Lemma noetherian_span A : is_ideal A ->
  exists gs : seq D, (forall i, (i < size gs)%N -> A gs`_i) /\ subsetD A (span gs).
Proof.
move=> hA.
pose F Q := exists gs : seq D, (forall i, (i < size gs)%N -> A gs`_i) /\ Q = span gs.
have [Q [[gs [h1 ->]] hmax]] : exists Q, F Q /\ forall Q', F Q' -> subsetD Q Q' -> subsetD Q' Q.
  apply: noetherian_maximal; last by exists (span [::]), [::].
  by move=> Q [gs [_ ->]]; apply: span_ideal.
exists gs; split => // x hx.
apply: (hmax (span (x :: gs))); last exact: span_head.
- by exists (x :: gs); split => // -[|i] //= hi; exact: h1.
- exact: span_cons.
Qed.

End Noetherian.

Section Comaximal.
Variable D : idomainType.
Implicit Types A B C : D -> Prop.

Definition comax A B := exists x y, [/\ A x, B y & x + y = 1].

Lemma comax_sym A B : comax A B -> comax B A.
Proof. by move=> [x [y [hx hy e]]]; exists y, x; split => //; rewrite addrC. Qed.

Lemma maximal_inv_mod A s : maximal_ideal A -> ~ A s -> exists t p, A p /\ 1 = s * t + p.
Proof.
case=> hA hpr hmax hs; apply: NNPP => H.
pose As := fun x => exists t p, A p /\ x = s * t + p.
have hAs : is_ideal As.
  split.
  - by exists 0, 0; split; [apply: ideal0 | rewrite mulr0 addr0].
  - move=> x y [t [p [hp ->]]] [t' [p' [hp' ->]]]; exists (t + t'), (p + p').
    by split; [exact: idealD | rewrite mulrDr addrACA].
  - move=> c x [t [p [hp ->]]]; exists (c * t), (c * p).
    by split; [exact: idealM | rewrite mulrDr mulrCA].
have sub : subsetD A As by move=> x hx; exists 0, x; split; rewrite ?mulr0 ?add0r.
have hAsp : ideal_proper As by move=> [t [p [hp e]]]; apply: H; exists t, p.
apply: hs; apply: (hmax As hAs sub hAsp); exists 1, 0.
by split; [exact: ideal0 | rewrite mulr1 addr0].
Qed.

(* from [1 = s t + p], use [1 - p^E = (1 - p) (1 + p + ... + p^(E-1))] *)
Lemma maximal_inv_mod_pow A s E : maximal_ideal A -> ~ A s ->
  exists t q, idpow A E q /\ s * t = 1 - q.
Proof.
move=> hM hs; have [t [p [hp e1]]] := maximal_inv_mod hM hs.
exists (t * \sum_(i < E) p ^+ i), (p ^+ E); split; first exact: idpow_exp.
rewrite mulrA.
have -> : s * t = 1 - p by rewrite e1 addrK.
by rewrite -[1 - p ^+ E]opprB subrX1 -mulNr opprB.
Qed.

Lemma maximal_comax A B : maximal_ideal A -> is_ideal B -> (exists2 y, B y & ~ A y) ->
  comax A B.
Proof.
move=> hM hB [y hy hny]; have [t [p [hp e]]] := maximal_inv_mod hM hny.
by exists p, (y * t); split; [|exact: idealMr|rewrite e addrC].
Qed.

Lemma maximal_comax_neq A B : maximal_ideal A -> maximal_ideal B -> ~ eqsetD A B ->
  comax A B.
Proof.
move=> hA hB hAB; apply: maximal_comax => //; first by case: hB.
apply: NNPP => Hn.
have sBA : subsetD B A by move=> y hy; apply: NNPP => hny; apply: Hn; exists y.
case: hB => hBi hBp hBmax; case: hA => hAi hAp _.
by apply: hAB => x; split; [apply: hBmax | apply: sBA].
Qed.

Lemma comax_idmul A B C : is_ideal A -> comax A B -> comax A C -> comax A (idmul B C).
Proof.
move=> hA [a [b [ha hb e1]]] [a' [c [ha' hc e2]]].
exists (a * (a' + c) + b * a'), (b * c); split.
- by apply: (idealD hA); [apply: idealMr | apply: idealM].
- exact: idmul_mem.
- by rewrite -addrA -mulrDr -mulrDl e1 e2 mulr1.
Qed.

Lemma comax_idfull A : is_ideal A -> comax A (@idfull D).
Proof. by exists 0, 1; split => //; [apply: ideal0 | rewrite add0r]. Qed.

Lemma comax_idpow A B m : is_ideal A -> comax A B -> comax A (idpow B m).
Proof.
move=> hA h; elim: m => [|m IH] /=; [exact: comax_idfull | exact: comax_idmul].
Qed.

Lemma comax_big_idmul A (I : eqType) (s : seq I) (F : I -> D -> Prop) : is_ideal A ->
  (forall l, l \in s -> comax A (F l)) -> comax A (\big[@idmul D/@idfull D]_(l <- s) F l).
Proof.
move=> hA; elim: s => [|x s IH] H; first by rewrite big_nil; exact: comax_idfull.
rewrite big_cons; apply: comax_idmul => //; first by apply: H; rewrite mem_head.
by apply: IH => l hl; apply: H; rewrite inE hl orbT.
Qed.

Lemma idsum_idmul_comax J A B x : is_ideal J -> is_ideal A -> comax A B ->
  idsum J A x -> idsum J B x -> idsum J (idmul A B) x.
Proof.
move=> hJ hA [u [v [hu hv e]]] [j1 [a1 [hj1 ha1 e1]]] [j2 [b2 [hj2 hb2 e2]]].
exists (j1 * v + j2 * u), (a1 * v + u * b2); split.
- by apply: (idealD hJ); apply: idealMr.
- by apply: (idealD (idmul_ideal _ hA)); apply: idmul_mem.
- rewrite -[LHS]mulr1 -e mulrDr.
  transitivity (x * v + x * u); first by rewrite addrC.
  rewrite {1}e1 {1}e2; ring.
Qed.

Lemma idsum_big_idmul_comax J (I : eqType) (s : seq I) (F : I -> D -> Prop) x :
  is_ideal J -> (forall l, is_ideal (F l)) -> uniq s ->
  (forall l l', l != l' -> comax (F l) (F l')) ->
  (forall l, l \in s -> idsum J (F l) x) -> idsum J (\big[@idmul D/@idfull D]_(l <- s) F l) x.
Proof.
move=> hJ hF; elim: s => [|y s IH] hu hc H; first by rewrite big_nil; apply: idsum_r.
rewrite big_cons; case/andP: hu => hy hu.
apply: idsum_idmul_comax => //.
- apply: comax_big_idmul => // l hl; apply: hc; apply/eqP => eyl.
  by move: hy; rewrite eyl hl.
- by apply: H; rewrite mem_head.
- by apply: IH => // l hl; apply: H; rewrite inE hl orbT.
Qed.

End Comaximal.

Section Uniformizer.
Variable D : idomainType.
Implicit Types P : D -> Prop.

(* [locmul P x] is the contraction to [D] of the principal ideal [x D_P] *)
Definition locmul P (x : D) : D -> Prop :=
  fun d => exists s c, ~ P s /\ s * d = x * c.

Lemma locmul_ideal P x : prime_ideal P -> is_ideal (locmul P x).
Proof.
move=> hP; split.
- by exists 1, 0; split; [case: hP | rewrite !mulr0].
- move=> d d' [s [c [hs e1]]] [s' [c' [hs' e2]]]; exists (s * s'), (c * s' + s * c').
  split; first exact: prime_notM.
  transitivity (s' * (s * d) + s * (s' * d')); first ring.
  by rewrite e1 e2; ring.
- move=> t d [s [c [hs e1]]]; exists s, (t * c); split => //.
  by rewrite mulrCA e1 mulrCA.
Qed.

Lemma locmul_cancel P x s d : prime_ideal P -> ~ P s -> locmul P x (s * d) -> locmul P x d.
Proof.
move=> hP hs [t [c [ht e1]]]; exists (t * s), c.
by split; [exact: prime_notM | rewrite -mulrA].
Qed.

(* Choose [z] with [{t | t z in x D_P}] maximal: that ideal is then prime and nonzero,
   hence equal to [P]. *)
Lemma locmul_colon_proper P x : noetherian D -> dim_le1 D ->
  prime_ideal P -> P x -> x != 0 ->
  exists z, ~ locmul P x z /\ forall p, P p -> locmul P x (p * z).
Proof.
move=> hN hdim hP hxP hx0; have hL := locmul_ideal x hP.
pose colon d := fun t => locmul P x (t * d).
have colon_ideal : forall d, is_ideal (colon d).
  move=> d; split.
  - by rewrite /colon mul0r; apply: ideal0.
  - by move=> t t' ht ht'; rewrite /colon mulrDl; apply: idealD.
  - by move=> c t ht; rewrite /colon -mulrA; apply: idealM.
pose F Q := exists d, ~ locmul P x d /\ Q = colon d.
have F_ideal : forall Q, F Q -> is_ideal Q by move=> Q [d [_ ->]].
have F1 : F (colon 1).
  exists 1; split => // -[s [c [hs e1]]]; apply: hs; rewrite mulr1 in e1.
  by rewrite e1; apply: idealMr => //; case: hP.
have [Q [[d0 [hd0 ->]] hmax]] := noetherian_maximal hN F_ideal (ex_intro _ _ F1).
exists d0; split => // p hp.
have hQ : prime_ideal (colon d0).
  split => //; first by rewrite /ideal_proper /colon mul1r.
  move=> t t' htt'; case: (classic (colon d0 t)) => ht; [by left|right].
  have : subsetD (colon (t * d0)) (colon d0).
    apply: hmax; first by exists (t * d0).
    by move=> c hc; rewrite /colon mulrCA; apply: idealM.
  by apply; rewrite /colon mulrA [t' * t]mulrC.
have hQnz : ideal_nonzero (colon d0).
  by exists x => //; exists 1, d0; split; [case: hP | rewrite mul1r].
have [_ _ hM] := hdim _ hQ hQnz.
apply: (hM P (prime_ideal_ideal hP)) => //; last by case: hP.
by move=> t ht; apply: NNPP => hnt; apply: hd0; exact: locmul_cancel hnt ht.
Qed.

Lemma eigenvalue_integral (hIC : integrally_closed D) t (M : 'M[D]_t)
    (v : 'rV[{fraction D}]_t) y :
  v != 0 -> v *m map_mx (@tofrac D) M = y *: v -> exists d, y = tofrac d.
Proof.
move=> v0 hv; apply: hIC; exists (char_poly M); first exact: char_poly_monic.
by rewrite map_char_poly -eigenvalue_root_char; apply/eigenvalueP; exists v.
Qed.

(* Determinant trick: with [P = (g_1, ..., g_t)] and [S] the product of the denominators,
   [S z / x] is an eigenvalue of an integer matrix acting on the vector of the [g_i]. *)
Lemma locmul_of_colon_in_prime P x z : noetherian D -> integrally_closed D ->
  prime_ideal P -> P x -> x != 0 ->
  (forall p, P p -> exists s w, [/\ ~ P s, P w & s * (p * z) = x * w]) -> locmul P x z.
Proof.
move=> hN hIC hP hxP hx0 Hz.
have [gs [hgs hspan]] := noetherian_span hN (prime_ideal_ideal hP).
pose t := size gs.
have H1 : forall i : 'I_t, exists f : D * (nat -> D),
    ~ P f.1 /\ f.1 * (gs`_i * z) = x * \sum_(j < t) f.2 j * gs`_j.
  move=> i; have [s [w [hs hw e]]] := Hz _ (hgs i (ltn_ord i)).
  have [cs ecs] := hspan w hw.
  by exists (s, cs); split => //=; rewrite e ecs.
have [f hf] := fin_all_exists H1.
pose s_ i := (f i).1; pose S := \prod_i s_ i.
have hS : ~ P S by apply: prime_not_prod => // i; case: (hf i).
pose M : 'M[D]_t := \matrix_(j, i) ((\prod_(k | k != i) s_ k) * (f i).2 j).
have eqM : forall i : 'I_t, S * (gs`_i * z) = x * \sum_(j < t) M j i * gs`_j.
  move=> i; rewrite /S (bigD1 i) //= -mulrA mulrCA {1}/s_ (hf i).2 mulrCA; congr (_ * _).
  by rewrite mulr_sumr; apply: eq_bigr => j _; rewrite mxE mulrA.
pose tau := @tofrac D.
pose y := tau (S * z) / tau x.
have tx0 : tau x != 0 by rewrite tofrac_eq0.
pose v : 'rV[{fraction D}]_t := \row_j tau gs`_j.
have hv : v *m map_mx tau M = y *: v.
  apply/rowP => i; rewrite !mxE.
  have -> : \sum_j v 0 j * map_mx tau M j i = tau (\sum_(j < t) M j i * gs`_j).
    by rewrite /tau rmorph_sum; apply: eq_bigr => j _; rewrite !mxE rmorphM mulrC.
  rewrite /y -mulrA mulrC; apply: (mulfI tx0).
  by rewrite !mulrA mulfV // mul1r /tau -!rmorphM -eqM; congr tofrac; ring.
have v0 : v != 0.
  have [i hi] := span_nonzero (hspan x hxP) hx0.
  by apply/eqP => /rowP /(_ i); rewrite !mxE => /eqP; rewrite tofrac_eq0 (negbTE hi).
have [d hd] := eigenvalue_integral hIC v0 hv.
exists S, d; split => //; apply/eqP; rewrite -tofrac_eq; apply/eqP.
have -> : tofrac (x * d) = tau x * y by rewrite hd /tau rmorphM.
by rewrite /y [tau x * _]mulrC divfK.
Qed.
------------------------------------------------
REQUIREMENT: Please return only the lines above, starting at the line that has "transitivity (s' *" and ending at the line that has "- by move=> t", keeping both and leaving each one unchanged.

SOLUTION:
  transitivity (s' * (s * d) + s * (s' * d')); first ring.
  by rewrite e1 e2; ring.
- move=> t d [s [c [hs e1]]]; exists s, (t * c); split => //.
  by rewrite mulrCA e1 mulrCA.
Qed.

Lemma locmul_cancel P x s d : prime_ideal P -> ~ P s -> locmul P x (s * d) -> locmul P x d.
Proof.
move=> hP hs [t [c [ht e1]]]; exists (t * s), c.
by split; [exact: prime_notM | rewrite -mulrA].
Qed.

(* Choose [z] with [{t | t z in x D_P}] maximal: that ideal is then prime and nonzero,
   hence equal to [P]. *)
Lemma locmul_colon_proper P x : noetherian D -> dim_le1 D ->
  prime_ideal P -> P x -> x != 0 ->
  exists z, ~ locmul P x z /\ forall p, P p -> locmul P x (p * z).
Proof.
move=> hN hdim hP hxP hx0; have hL := locmul_ideal x hP.
pose colon d := fun t => locmul P x (t * d).
have colon_ideal : forall d, is_ideal (colon d).
  move=> d; split.
  - by rewrite /colon mul0r; apply: ideal0.
  - by move=> t t' ht ht'; rewrite /colon mulrDl; apply: idealD.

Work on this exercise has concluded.